时间:2019-01-31 11:41:06

标签: python xml parsing xml-parsing

我有这个xml文件:

<do title='Example document' date='today'>
<db descr='First level'>
    <P>
        Some text here that
        <af d='reference 1'>continues</af>
        but then has some more stuff.
    </P>
</db>

,我需要对其进行解析以提取其文本。我为此使用xml.etree.ElementTreesee documentation)。

这是我用来解析和浏览文件的简单代码:

import xml.etree.ElementTree as ET
tree = ET.parse(file_path)
root = tree.getroot()

def explore_element(element):
    print(element.tag)
    print(element.attrib)
    print(element.text)
    for child in element:
        explore_element(child)

explore_element(root)

除了元素<P>没有完整的文本外,其他操作均按预期进行。特别是,我似乎丢失了“但还有更多内容”(<P>元素之后的<af>中的文本)。

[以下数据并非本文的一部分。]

(* Let $R$ be a reflexive relation on $U$ such that $\mathrm{DM(RS)}$ is completely distributive. Let $x,y\in U\setminus\mathcal S$ be such that $\{x\}^{\blacktriangle}$ and $\{y\}^{\blacktriangle}$ are completely join-irreducible in $\wp(U)^{\blacktriangle}$. The following are equivalent: (i) there exists $u\in U$ with $\{x\}^{\blacktriangle},\{y\}^{\blacktriangle}\subseteq\{u\}^{\blacktriangle}$; (ii) each of $(\emptyset,\{x\}^{\blacktriangle})$ and $(\emptyset,\{y\}^{\blacktriangle})$ is below both $g(\emptyset,\{x\}^{\blacktriangle})$ and $g(\emptyset,\{y\}^{\blacktriangle})$ in $\mathrm{DM(RS)}$.
   Context: Let $U$ be a set and $R\subseteq U\times U$ a binary relation. For $x\in U$, $R(x)=\{y\in U\mid (x,y)\in R\}$ and $\breve R(x)=\{y\in U\mid (y,x)\in R\}$. For $X\subseteq U$: $X^{\blacktriangledown}=\{x\in U\mid R(x)\subseteq X\}$, $X^{\blacktriangle}=\{x\in U\mid R(x)\cap X\neq\emptyset\}$, $X^{\triangledown}=\{x\in U\mid \breve R(x)\subseteq X\}$, $X^{\vartriangle}=\{x\in U\mid \breve R(x)\cap X\neq\emptyset\}$; composites like $X^{\vartriangle\blacktriangledown}$ mean $(X^{\vartriangle})^{\blacktriangledown}$. $\wp(U)^{\blacktriangledown}=\{X^{\blacktriangledown}\mid X\subseteq U\}$, $\wp(U)^{\blacktriangle}=\{X^{\blacktriangle}\mid X\subseteq U\}$, complete lattices under $\subseteq$. $\mathcal S=\{x\in U\mid |R(x)|=1\}$. $\mathrm{RS}=\{(X^{\blacktriangledown},X^{\blacktriangle})\mid X\subseteq U\}$ ordered coordinatewise; $\mathrm{DM(RS)}$ is its Dedekind–MacNeille completion, identified with $\{(A,B)\in\wp(U)^{\blacktriangledown}\times\wp(U)^{\blacktriangle}\mid A^{\vartriangle\blacktriangle}\subseteq B,\ A\cap\mathcal S=B\cap\mathcal S\}$ ordered coordinatewise, with meets $\bigwedge_i(X_i,Y_i)=(\bigcap_iX_i,(\bigcap_iY_i)^{\triangledown\blacktriangle})$ and joins $\bigvee_i(X_i,Y_i)=((\bigcup_iX_i)^{\vartriangle\blacktriangledown},\bigcup_iY_i)$. An element $j$ of a complete lattice is completely join-irreducible if $j=\bigvee S$ implies $j\in S$. When $\mathrm{DM(RS)}$ is distributive ($R$ reflexive) it is a Kleene algebra with $\sim(A,B)=(B^c,A^c)$; for a completely join-irreducible $j$ of $\mathrm{DM(RS)}$, $g(j)=\bigwedge\{a\in\mathrm{DM(RS)}\mid a\not\le\sim j\}$. (Under the hypotheses, $(\emptyset,\{x\}^{\blacktriangle})$ and $(\emptyset,\{y\}^{\blacktriangle})$ are completely join-irreducible elements of $\mathrm{DM(RS)}$.) *)

From mathcomp Require Import all_boot.
From mathcomp Require Import boolp classical_sets.
Set Implicit Arguments. Unset Strict Implicit. Unset Printing Implicit Defensive.
Local Open Scope classical_set_scope.

Section RoughSets.
Variables (U : Type) (R : U -> U -> Prop).

Definition Rsucc (x : U) : set U := [set y | R x y].
Definition Rpred (x : U) : set U := [set y | R y x].

(* X^{black down}, X^{black up}, X^{white down}, X^{white up} *)
Definition lowB (X : set U) : set U := [set x | Rsucc x `<=` X].
Definition uppB (X : set U) : set U := [set x | Rsucc x `&` X !=set0].
Definition lowW (X : set U) : set U := [set x | Rpred x `<=` X].
Definition uppW (X : set U) : set U := [set x | Rpred x `&` X !=set0].

(* the carriers wp(U)^{black down} and wp(U)^{black up} *)
Definition lowB_image : set (set U) := [set A | exists X, A = lowB X].
Definition uppB_image : set (set U) := [set A | exists X, A = uppB X].

Definition singR : set U := [set x | exists y, Rsucc x = [set y]].

(* DM(RS), as a set of pairs of subsets of U *)
Definition DMc : set (set U * set U) :=
  [set p | lowB_image p.1 /\ uppB_image p.2 /\
           uppB (uppW p.1) `<=` p.2 /\ p.1 `&` singR = p.2 `&` singR].

Definition dm_le (p q : set U * set U) : Prop := p.1 `<=` q.1 /\ p.2 `<=` q.2.

Definition dm_meet (F : set (set U * set U)) : set U * set U :=
  (\bigcap_(a in F) a.1, uppB (lowW (\bigcap_(a in F) a.2))).
Definition dm_join (F : set (set U * set U)) : set U * set U :=
  (lowB (uppW (\bigcup_(a in F) a.1)), \bigcup_(a in F) a.2).

Definition DM_completely_distributive : Prop :=
  forall (I : Type) (J : I -> Type) (x : forall i, J i -> set U * set U),
    (forall i j, DMc (x i j)) ->
    dm_meet (range (fun i => dm_join (range (x i)))) =
    dm_join (range (fun f : (forall i, J i) => dm_meet (range (fun i => x i (f i))))).

Definition dm_neg (p : set U * set U) : set U * set U := (~` p.2, ~` p.1).

Definition dm_g (j : set U * set U) : set U * set U :=
  dm_meet [set a | DMc a /\ ~ dm_le a (dm_neg j)].

End RoughSets.

Definition is_lub_in (T : Type) (C : set T) (le : T -> T -> Prop)
  (S : set T) (a : T) : Prop :=
  C a /\ (forall s, S s -> le s a) /\
  (forall b, C b -> (forall s, S s -> le s b) -> le a b).

Definition cji_in (T : Type) (C : set T) (le : T -> T -> Prop) (j : T) : Prop :=
  C j /\ forall S, S `<=` C -> is_lub_in C le S j -> S j.

From mathcomp Require Import all_boot.
From mathcomp Require Import boolp classical_sets.
Local Open Scope classical_set_scope.

(* Write [X] for {x}^▲ = {p | R p x}.  Complete distributivity of DM(RS)
   makes every completely join-irreducible X of ℘(U)^▲ completely
   join-prime: X sits inside one of the ▲-sets of any family covering it.
   Condition (ii) says that for R t x and R z y the sets R(t) and R(z)
   meet (test g against the pair (R(z)^▼, R(z)^▲) of DM(RS)); so [x] is
   covered by the [u] with u in R(z), hence [x] ⊆ [u] for some such u,
   and [y] is then covered by the [u] containing [x]; join-primeness of
   [y] yields the common upper bound of (i). *)

Set Implicit Arguments.
Unset Strict Implicit.

Section DMRoughSets.
Variables (U : Type) (R : U -> U -> Prop).

Lemma uppB_set1 (x : U) : uppB R [set x] = Rpred R x.
Proof.
apply/seteqP; split=> p /=; first by case=> q [Rpq <-].
by move=> Rpx; exists x.
Qed.

Lemma uppB_lowW_sub (W : set U) : uppB R (lowW R W) `<=` W.
Proof. by move=> p [v [Rpv Wv]]; apply: Wv. Qed.

Lemma uppB_set1_sub_uppB_lowW (x : U) (W : set U) :
  uppB R [set x] `<=` W -> uppB R [set x] `<=` uppB R (lowW R W).
Proof. by rewrite uppB_set1 => xW p Rpx; exists x. Qed.

Lemma dm_le_neg_set0 (a : set U * set U) (B : set U) :
  dm_le a (dm_neg (set0, B)) <-> a.1 `<=` ~` B.
Proof. by rewrite /dm_le /=; split=> [[] | ?]; last split=> // p _ []. Qed.

Lemma dm_le_set0_g (A B : set U) (u : U) :
  A `<=` uppB R [set u] -> B `<=` uppB R [set u] ->
  dm_le (set0, A) (dm_g R (set0, B)).
Proof.
rewrite uppB_set1 => Au Bu; split=> //= p Ap; exists u; split; first exact: Au.
move=> q Rqu a [[_ [_ [a_closed _]]] /dm_le_neg_set0 a1_meets_B].
have [z [a1z Bz]] : exists z, a.1 z /\ B z.
  apply: contra_notP a1_meets_B => no_z z a1z Bz.
  by apply: no_z; exists z.
apply: a_closed; exists u; split=> //.
by exists z; split=> //; apply: Bu.
Qed.

Section Reflexive.
Hypothesis Rrefl : forall z, R z z.

Lemma singR_Rsucc (s r : U) : singR R s -> R s r -> r = s.
Proof.
case=> w Rs_w Rsr.
have Rss : Rsucc R s s := Rrefl s.
have Rsr' : Rsucc R s r := Rsr.
by rewrite Rs_w in Rss Rsr'; rewrite Rsr' Rss.
Qed.

Lemma DMc_rough (X : set U) : DMc R (lowB R X, uppB R X).
Proof.
split; first by exists X.
split; first by exists X.
split=> [p [q [Rpq [r [Rrq lowXr]]]] | /=].
  by exists q; split=> //; apply: lowXr.
apply/seteqP; split=> s [Xs Ss]; split=> //.
  by exists s; split; [exact: Rrefl | apply: Xs; exact: Rrefl].
case: Xs => w [Rsw Xw] r Rsr.
by rewrite (singR_Rsucc Ss Rsr) -(singR_Rsucc Ss Rsw).
Qed.

(* The least element of DM(RS) with second component B, since A ∩ S = B ∩ S. *)
Definition dm_of_uppB (B : set U) : set U * set U := (B `&` singR R, B).

Lemma DMc_dm_of_uppB (B : set U) : uppB_image R B -> DMc R (dm_of_uppB B).
Proof.
case=> X ->; split; last split; last split; rewrite /dm_of_uppB /=.
- exists (uppB R X `&` singR R); apply/seteqP; split=> q.
    by move=> [Xq Sq] r Rqr; rewrite (singR_Rsucc Sq Rqr).
  by apply; exact: Rrefl.
- by exists X.
- move=> p [r [Rpr [s [Rsr [[q [Rsq Xq]] Ss]]]]].
  by exists r; split=> //; rewrite (singR_Rsucc Ss Rsr) -(singR_Rsucc Ss Rsq).
- by rewrite -setIA setIid.
Qed.

Lemma common_Rsucc_of_dm_le_set0_g (A B : set U) (t z : U) :
  dm_le (set0, A) (dm_g R (set0, B)) -> A t -> B z ->
  exists w, R t w /\ R z w.
Proof.
move=> [_ AgB] At Bz.
have [v [Rtv lowWv]] := AgB t At.
have meets_B : ~ dm_le (lowB R (Rsucc R z), uppB R (Rsucc R z)) (dm_neg (set0, B)).
  by move=> /dm_le_neg_set0 disj; exact: (disj z (fun _ => id) Bz).
have [w [Rtw Rzw]] := lowWv t Rtv _ (conj (DMc_rough (Rsucc R z)) meets_B).
by exists w.
Qed.

Hypothesis HCD : DM_completely_distributive R.

Lemma cji_uppB_set1_join_prime (x : U)
    (cjx : cji_in (uppB_image R) (fun A B : set U => A `<=` B) (uppB R [set x]))
    (I : Type) (Y : I -> set U) :
  (forall i, uppB_image R (Y i)) -> uppB R [set x] `<=` \bigcup_i Y i ->
  exists i, uppB R [set x] `<=` Y i.
Proof.
set X := uppB R [set x] => Yupp XY.
have Xx : X x by rewrite /X uppB_set1.
have [i0 _ _] := XY x Xx.
pose F (b : bool) (i : I) := dm_of_uppB (if b then X else Y i).
have DMF b i : DMc R (F b i).
  by apply: DMc_dm_of_uppB; case: b => //; exists [set x].
pose M (f : bool -> I) := (dm_meet R (range (fun b => F b (f b)))).2.
have M_sub f b : M f `<=` (F b (f b)).2.
  by move=> p /uppB_lowW_sub; apply; exists b.
(* Distributivity turns X = X ∧ ⋁ Y_i into a join of the meets M f. *)
have X_cover : X `<=` \bigcup_f M f.
  have -> : \bigcup_f M f = (dm_meet R (range (fun b => dm_join R (range (F b))))).2.
    rewrite (HCD DMF) /=; apply/seteqP; split=> p.
      by case=> f _ Mfp; exists (dm_meet R (range (fun b => F b (f b)))) => //; exists f.
    by case=> _ [f _ <-] Mfp; exists f.
  apply: uppB_set1_sub_uppB_lowW => p Xp _ [[] _ <-] /=.
    by exists (F true i0) => //; exists i0.
  by have [i _ Yip] := XY p Xp; exists (F false i) => //; exists i.
have [f _ <-] : range M X.
  apply: cjx.2; first by move=> _ [f _ <-]; eexists.
  split; first by exists [set x].
  split; first by move=> _ [f _ <-]; exact: (M_sub f true).
  move=> B _ B_ub p /X_cover [f _ Mfp].
  by apply: (B_ub (M f)) => //; exists f.
by exists (f false); exact: (M_sub f false).
Qed.

Lemma cji_uppB_set1_cover (x : U)
    (cjx : cji_in (uppB_image R) (fun A B : set U => A `<=` B) (uppB R [set x]))
    (P : U -> Prop) :
  (forall t, R t x -> exists2 u, P u & R t u) ->
  exists2 u, P u & uppB R [set x] `<=` uppB R [set u].
Proof.
move=> covered.
have [[u Pu] xu] : exists i : {u | P u}, uppB R [set x] `<=` uppB R [set sval i].
  apply: cji_uppB_set1_join_prime => // [i | t]; first by exists [set sval i].
  rewrite uppB_set1 => /covered [u Pu Rtu].
  by exists (exist P u Pu) => //=; rewrite uppB_set1.
by exists u.
Qed.

End Reflexive.
End DMRoughSets.

Unset Implicit Arguments.

(* [hx] and [hy] only ensure that (∅, {x}^▲) and (∅, {y}^▲) lie in DM(RS);
   the equivalence does not need them. *)
Theorem mainTheorem12 (U : Type) (R : U -> U -> Prop)
  (Hrefl : forall z, R z z)
  (HCD : DM_completely_distributive R)
  (x y : U) (hx : ~ singR R x) (hy : ~ singR R y)
  (cjx : cji_in (uppB_image R) (fun A B : set U => A `<=` B) (uppB R [set x]))
  (cjy : cji_in (uppB_image R) (fun A B : set U => A `<=` B) (uppB R [set y])) :
  (exists u : U, uppB R [set x] `<=` uppB R [set u] /\
                 uppB R [set y] `<=` uppB R [set u]) <->
  (dm_le (set0, uppB R [set x]) (dm_g R (set0, uppB R [set x])) /\
   dm_le (set0, uppB R [set x]) (dm_g R (set0, uppB R [set y])) /\
   dm_le (set0, uppB R [set y]) (dm_g R (set0, uppB R [set x])) /\
   dm_le (set0, uppB R [set y]) (dm_g R (set0, uppB R [set y]))).
Proof.
split=> [[u [xu yu]] | [_ [xgy _]]].
  by split; [|split; [|split]]; apply: (dm_le_set0_g (u := u)).
have common t z : R t x -> R z y -> exists2 w, R z w & R t w.
  rewrite !uppB_set1 in xgy => tx zy.
  by have [w [Rtw Rzw]] := common_Rsucc_of_dm_le_set0_g Hrefl xgy tx zy; exists w.
have below_y z : R z y -> exists2 u, uppB R [set x] `<=` uppB R [set u] & R z u.
  move=> zy; have [u Rzu xu] := cji_uppB_set1_cover Hrefl HCD cjx (P := R z)
    (fun t tx => common t z tx zy).
  by exists u.
have [u xu yu] := cji_uppB_set1_cover Hrefl HCD cjy below_y.
by exists u.
Qed.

该xml文件是给定的,因此即使有推荐的更好的编写方式(并且有太多尝试手动修复的方式),我也无法对其进行改进。

有没有办法获取所有文本?

我的代码产生的输出(如果有帮助的话)是这样的:

do
{'title': 'Example document', 'date': 'today'}

db
{'descr': 'First level'}

P 
{}
        Some text here that

af
{'d': 'reference 1'}
continues

编辑

被接受的答案使我意识到我没有像应该阅读的那样仔细阅读文档。有相关问题的人也可能会发现 .tail 有用。

1 个答案:

答案 0 :(得分:2)

使用BeautifulSoup:

list_test.xml:

<do title='Example document' date='today'>
<db descr='First level'>
    <P>
        Some text here that
        <af d='reference 1'>continues</af>
        but then has some more stuff.
    </P>
</db>

然后:

from bs4 import BeautifulSoup

with open('list_test.xml','r') as f:
    soup = BeautifulSoup(f.read(), "html.parser")
    for line in soup.find_all('p'):
         print(line.text)

输出:

Some text here that
continues
but then has some more stuff.

编辑:

使用elementree:

import xml.etree.ElementTree as ET
xml = '<p> Some text here that <af d="reference 1">continues</af> but then has some more stuff.</p>'
tree = ET.fromstring(xml)
print(''.join(tree.itertext()))

输出:

Some text here that continues but then has some more stuff.